Required action
Scan the data below. Pull out each line where "mulrACA" occurs.

Saved entries
☆ ☆ ☆ ☆ ☆
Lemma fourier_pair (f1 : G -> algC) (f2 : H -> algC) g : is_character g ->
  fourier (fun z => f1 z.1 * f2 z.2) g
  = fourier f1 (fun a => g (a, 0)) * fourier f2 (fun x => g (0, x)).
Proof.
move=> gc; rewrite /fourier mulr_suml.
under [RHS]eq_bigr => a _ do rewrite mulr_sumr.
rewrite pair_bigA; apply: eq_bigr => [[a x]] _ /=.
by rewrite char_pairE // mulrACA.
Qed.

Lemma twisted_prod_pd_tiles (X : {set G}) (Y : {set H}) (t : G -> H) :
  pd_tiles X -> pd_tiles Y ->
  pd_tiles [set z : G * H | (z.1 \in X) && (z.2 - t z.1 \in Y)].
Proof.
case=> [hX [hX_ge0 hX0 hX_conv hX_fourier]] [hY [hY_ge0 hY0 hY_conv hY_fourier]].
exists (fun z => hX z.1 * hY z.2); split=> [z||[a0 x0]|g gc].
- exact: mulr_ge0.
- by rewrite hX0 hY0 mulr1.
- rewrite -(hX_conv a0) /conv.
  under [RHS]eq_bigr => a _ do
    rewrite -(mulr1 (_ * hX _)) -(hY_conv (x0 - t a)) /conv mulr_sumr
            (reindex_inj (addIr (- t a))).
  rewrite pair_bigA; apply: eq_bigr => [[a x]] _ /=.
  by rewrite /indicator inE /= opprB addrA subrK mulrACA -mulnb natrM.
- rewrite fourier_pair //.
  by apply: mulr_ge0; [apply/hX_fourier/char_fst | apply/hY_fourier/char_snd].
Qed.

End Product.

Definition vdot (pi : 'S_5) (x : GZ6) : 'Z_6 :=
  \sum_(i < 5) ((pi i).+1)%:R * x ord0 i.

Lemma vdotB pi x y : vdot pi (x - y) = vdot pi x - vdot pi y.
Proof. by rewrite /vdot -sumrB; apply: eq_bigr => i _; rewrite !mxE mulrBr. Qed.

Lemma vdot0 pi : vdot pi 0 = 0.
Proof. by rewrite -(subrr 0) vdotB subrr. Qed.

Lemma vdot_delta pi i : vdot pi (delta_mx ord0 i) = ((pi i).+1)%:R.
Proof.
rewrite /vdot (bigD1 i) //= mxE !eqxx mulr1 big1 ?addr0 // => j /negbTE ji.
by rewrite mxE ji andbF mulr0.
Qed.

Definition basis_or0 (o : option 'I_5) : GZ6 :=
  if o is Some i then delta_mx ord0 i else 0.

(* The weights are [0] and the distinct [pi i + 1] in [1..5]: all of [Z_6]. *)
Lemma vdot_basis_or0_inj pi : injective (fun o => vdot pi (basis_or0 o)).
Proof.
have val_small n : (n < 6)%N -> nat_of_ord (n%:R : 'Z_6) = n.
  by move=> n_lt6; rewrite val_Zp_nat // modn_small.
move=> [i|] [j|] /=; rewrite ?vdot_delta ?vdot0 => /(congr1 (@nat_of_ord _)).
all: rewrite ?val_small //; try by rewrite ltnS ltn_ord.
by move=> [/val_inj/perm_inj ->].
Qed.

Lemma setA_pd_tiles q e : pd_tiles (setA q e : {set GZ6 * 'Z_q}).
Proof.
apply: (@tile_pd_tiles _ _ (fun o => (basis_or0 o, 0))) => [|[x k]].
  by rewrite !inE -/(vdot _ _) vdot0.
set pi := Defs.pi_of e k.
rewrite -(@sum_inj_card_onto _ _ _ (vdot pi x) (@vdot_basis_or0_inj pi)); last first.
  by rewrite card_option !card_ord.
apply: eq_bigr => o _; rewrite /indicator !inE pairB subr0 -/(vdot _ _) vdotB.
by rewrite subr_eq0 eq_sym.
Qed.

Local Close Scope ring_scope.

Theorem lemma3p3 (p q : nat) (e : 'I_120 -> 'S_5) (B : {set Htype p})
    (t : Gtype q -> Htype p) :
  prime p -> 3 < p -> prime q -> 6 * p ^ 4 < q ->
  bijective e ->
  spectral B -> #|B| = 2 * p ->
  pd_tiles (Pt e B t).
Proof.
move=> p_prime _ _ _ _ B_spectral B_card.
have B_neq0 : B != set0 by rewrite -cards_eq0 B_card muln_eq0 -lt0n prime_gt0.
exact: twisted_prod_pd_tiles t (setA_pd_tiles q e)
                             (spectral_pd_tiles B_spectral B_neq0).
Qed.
☆ ☆ ☆ ☆ ☆
Task solution
by rewrite char_pairE // mulrACA.
  by rewrite /indicator inE /= opprB addrA subrK mulrACA -mulnb natrM.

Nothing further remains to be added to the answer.